Bleak huh? But I bet it strikes a note. My friends and I are all of a similar age to Frank and on discussing the book with those who've read it, have conceded somewhat bashfully that yes, we can all relate to the drudgery of routine and the shock it presents after the relative freedom of university. The struggle to reconcile youthful hopes with adult reality makes it all too easy to ally ourselves with Frank and April. Who can't relate to the desire to escape the hum drum but also the fear of doing just that? And then there's Frank and April's crumbling relationship. The rare sections of the book told from April's perspective offer psychological insight into how conflicting perceptions can spiral out of control, changing our responses to someone we once loved. The quiet ways in which two people who once felt excited by the other can slip into first hatred, then indifference, are powerfully evoked and have a vaguely feminist feel. Frank's immaturity and misguided opinions condemn him whilst we still seek to understand him, and the action April takes are an indictment of the position of women at the time.

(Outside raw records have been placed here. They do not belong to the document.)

Record tail_iso_by (f : Zomega -> Zomega) (A B : Zomega -> Prop) : Prop := {
  maps_into : forall x, A x -> B (f x);
  maps_onto : forall y, B y -> exists x, A x /\ f x = y;
  keeps_order : forall x y, A x -> A y -> (lex_lt x y <-> lex_lt (f x) (f y));
  keeps_tail : forall x, A x -> shift_equiv x (f x) }.
Arguments maps_into {f A B}.
Arguments maps_onto {f A B}.
Arguments keeps_order {f A B}.
Arguments keeps_tail {f A B}.

Definition tail_iso (A B : Zomega -> Prop) : Prop := exists f, tail_iso_by f A B.

Lemma tail_iso_refl A : tail_iso A A.
Proof.
  exists (fun u => u); constructor; eauto using shift_equiv_refl; tauto.
Qed.

Lemma tail_iso_empty A B :
  (forall u, ~ A u) -> (forall u, ~ B u) -> tail_iso A B.
Proof.
  intros HA HB; exists (fun u => u); constructor; intros x Hx; firstorder.
Qed.

Lemma tail_iso_ext A A' B B' :
  (forall u, A u <-> A' u) -> (forall u, B u <-> B' u) ->
  tail_iso A B -> tail_iso A' B'.
Proof.
  intros HA HB [f Hf]; exists f; constructor.
  - intros x Hx; apply HB, (maps_into Hf), HA, Hx.
  - intros y Hy; destruct (maps_onto Hf y (proj2 (HB y) Hy)) as [x [Hx <-]].
    exists x; split; auto; apply HA; auto.
  - intros x y Hx Hy; apply (keeps_order Hf); apply HA; auto.
  - intros x Hx; apply (keeps_tail Hf), HA, Hx.
Qed.

Lemma tail_iso_by_inj f A B x y :
  tail_iso_by f A B -> A x -> A y -> f x = f y -> x = y.
Proof.
  intros Hf Hx Hy Hfxy.
  destruct (lex_total x y) as [H|[H|H]]; auto; exfalso.
  - apply (keeps_order Hf x y Hx Hy) in H; rewrite Hfxy in H; exact (lex_irrefl _ H).
  - apply (keeps_order Hf y x Hy Hx) in H; rewrite Hfxy in H; exact (lex_irrefl _ H).
Qed.

Lemma tail_iso_trans A B C : tail_iso A B -> tail_iso B C -> tail_iso A C.
Proof.
  intros [f Hf] [g Hg]. exists (fun u => g (f u)); constructor.
  - intros x Hx; apply (maps_into Hg), (maps_into Hf), Hx.
  - intros z Hz. destruct (maps_onto Hg z Hz) as [y [Hy <-]].
    destruct (maps_onto Hf y Hy) as [x [Hx <-]]. eauto.
  - intros x y Hx Hy. rewrite (keeps_order Hf x y Hx Hy).
    apply (keeps_order Hg); apply (maps_into Hf); auto.
  - intros x Hx. apply (shift_equiv_trans _ (f x)); [apply (keeps_tail Hf); auto|].
    apply (keeps_tail Hg), (maps_into Hf), Hx.
Qed.

Lemma tail_iso_sym A B : tail_iso A B -> tail_iso B A.
Proof.
  intros [f Hf].
  set (g := fun y => match excluded_middle_informative (exists x, A x /\ f x = y) with
                     | left h => proj1_sig (constructive_indefinite_description _ h)
                     | right _ => y end).
  assert (Hg : forall y, B y -> A (g y) /\ f (g y) = y).
  { intros y Hy. unfold g. destruct (excluded_middle_informative _) as [h|h].
    - destruct (constructive_indefinite_description _ h) as [x Hx]; exact Hx.
    - exfalso; apply h, (maps_onto Hf), Hy. }
  exists g; constructor.
  - intros y Hy; apply Hg, Hy.
  - intros x Hx. exists (f x); split; [apply (maps_into Hf), Hx|].
    destruct (Hg (f x) (maps_into Hf x Hx)) as [Hgx Hfgx].
    exact (tail_iso_by_inj _ _ _ _ _ Hf Hgx Hx Hfgx).
  - intros x y Hx Hy. destruct (Hg x Hx) as [Agx Egx]; destruct (Hg y Hy) as [Agy Egy].
    rewrite (keeps_order Hf _ _ Agx Agy), Egx, Egy. reflexivity.
  - intros y Hy. destruct (Hg y Hy) as [Agy Egy]. apply shift_equiv_sym.
    rewrite <- Egy at 2. apply (keeps_tail Hf), Agy.
Qed.

Lemma tail_iso_glue (A B : nat -> Zomega -> Prop) :
  (forall d e x y, (d < e)%nat -> A d x -> A e y -> lex_lt y x) ->
  (forall d e x y, (d < e)%nat -> B d x -> B e y -> lex_lt y x) ->
  (forall d, tail_iso (A d) (B d)) ->
  tail_iso (fun u => exists d, A d u) (fun u => exists d, B d u).
Proof.
  intros HA HB HAB.
  set (F := fun d => proj1_sig (constructive_indefinite_description _ (HAB d))).
  assert (HF : forall d, tail_iso_by (F d) (A d) (B d))
    by (intros d; exact (proj2_sig (constructive_indefinite_description _ (HAB d)))).
  assert (Hindex : forall d e u, A d u -> A e u -> d = e).
  { intros d e u Hd He. destruct (Nat.lt_total d e) as [h|[h|h]]; auto;
      exfalso; eapply lex_irrefl, HA; eauto. }
  set (f := fun u => match excluded_middle_informative (exists d, A d u) with
                     | left h => F (proj1_sig (constructive_indefinite_description _ h)) u
                     | right _ => u end).
  assert (Hf : forall d u, A d u -> f u = F d u).
  { intros d u Hu. unfold f. destruct (excluded_middle_informative _) as [h|h].
    - destruct (constructive_indefinite_description _ h) as [d' Hd']; simpl.
      rewrite (Hindex _ _ _ Hd' Hu); reflexivity.
    - exfalso; eauto. }
  exists f; constructor.
  - intros x [d Hd]; exists d; rewrite (Hf _ _ Hd); apply (maps_into (HF d)), Hd.
  - intros y [d Hd]. destruct (maps_onto (HF d) y Hd) as [x [Hx <-]].
    exists x; split; [exists d; exact Hx|apply Hf, Hx].
  - intros x y [d Hd] [e He]. rewrite (Hf _ _ Hd), (Hf _ _ He).
    pose proof (maps_into (HF d) x Hd) as Bd; pose proof (maps_into (HF e) y He) as Be.
    destruct (Nat.lt_total d e) as [h|[<-|h]].
    + split; intros Hl; exfalso; eapply lex_asym; eauto.
    + apply (keeps_order (HF d)); auto.
    + split; intros _; eauto.
  - intros x [d Hd]. rewrite (Hf _ _ Hd). apply (keeps_tail (HF d)), Hd.
Qed.

Lemma tail_iso_union A1 A2 B1 B2 :
  (forall x y, A1 x -> A2 y -> lex_lt x y) ->
  (forall x y, B1 x -> B2 y -> lex_lt x y) ->
  tail_iso A1 B1 -> tail_iso A2 B2 ->
  tail_iso (fun u => A1 u \/ A2 u) (fun u => B1 u \/ B2 u).
Proof.
  intros HA HB H1 H2.
  set (pieces := fun (P1 P2 : Zomega -> Prop) d u =>
                   match d with 0%nat => P2 u | 1%nat => P1 u | _ => False end).
  assert (Hunion : forall P1 P2 u, (exists d, pieces P1 P2 d u) <-> P1 u \/ P2 u).
  { intros P1 P2 u; split.
    - intros [[|[|d]] Hd]; simpl in Hd; tauto.
    - intros [Hu|Hu]; [exists 1%nat|exists 0%nat]; exact Hu. }
  eapply tail_iso_ext; [apply Hunion|apply Hunion|apply tail_iso_glue].
  - intros [|[|d]] [|[|e]] x y Hde Hx Hy; simpl in *; try lia; try tauto; auto.
  - intros [|[|d]] [|[|e]] x y Hde Hx Hy; simpl in *; try lia; try tauto; auto.
  - intros [|[|d]]; simpl; auto using tail_iso_refl.
Qed.

Definition neg (u : Zomega) : Zomega := fun n => - u n.

Lemma neg_neg u : neg (neg u) = u.
Proof. apply functional_extensionality; intros n; unfold neg; lia. Qed.

Lemma lex_neg x y : lex_lt (neg x) (neg y) <-> lex_lt y x.
Proof.
  unfold neg; split; intros [n [Hagree Hn]]; exists n; split; try lia;
    intros m Hm; specialize (Hagree m Hm); lia.
Qed.

Lemma tail_iso_neg A B :
  tail_iso A B -> tail_iso (fun u => A (neg u)) (fun u => B (neg u)).
Proof.
  intros [f Hf]. exists (fun u => neg (f (neg u))); constructor.
  - intros x Hx; rewrite neg_neg; apply (maps_into Hf), Hx.
  - intros y Hy. destruct (maps_onto Hf _ Hy) as [x [Hx Hfx]].
    exists (neg x); rewrite !neg_neg, Hfx, neg_neg; auto.
  - intros x y Hx Hy. rewrite <- (lex_neg y x), (lex_neg (f (neg x))).
    apply (keeps_order Hf); auto.
  - intros x Hx. destruct (keeps_tail Hf _ Hx) as [m [n H]].
    exists m, n; intros k; specialize (H k); unfold neg in *; lia.
Qed.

How has Yates been ignored for so long?! As the Wheeler's shared dreams give way to resignation with their lot, metaphors of performance dominate the text and illustrate the fantasy of the American Dream. This has been done to death since Yates wrote RR, but at the time it must have been revolutionary (ahem) stuff. Yates offers us a critique of America in the midst of change. The Campbell's, a more blue collar version of the Wheelers, have kids who seem glued to the television in their lounge, a new gadget that was then such a novelty and now the bone of contention for so many, opening and closing worlds at the same time; the political winds are beginning to stir and the notion of the woman's place being in the home would soon fuel the feminist movement. In some ways the book reminds me of Ian McEwan's On Chesil Beach, as the emancipated mood of the 1960s came too late for McEwan's characters just as it does for April, whose character symbolises the tragedy at the book's core (doubly so because she seems the stronger of the couple). Both books capture an unnamed restlessness, personally and socially. I guess throughout the sixties a book like RR felt old-fashioned and irrelevant, with so much in transition. But although Yates has slipped off the literary radar over the last 40 years or so, the themes of relationships and the constraints of adulthood are timeless and the writing is top class.
Other American authors like John Updike seem to have taken up the cause of the flawed and frustrated everyman, but as I will discuss in a future blog, in my opinion he benefited from timing and a more ambitious authorial strategy rather than a fundamentally better way of writing. Do read this book. It won't cheer you up, but it will astound you with its power.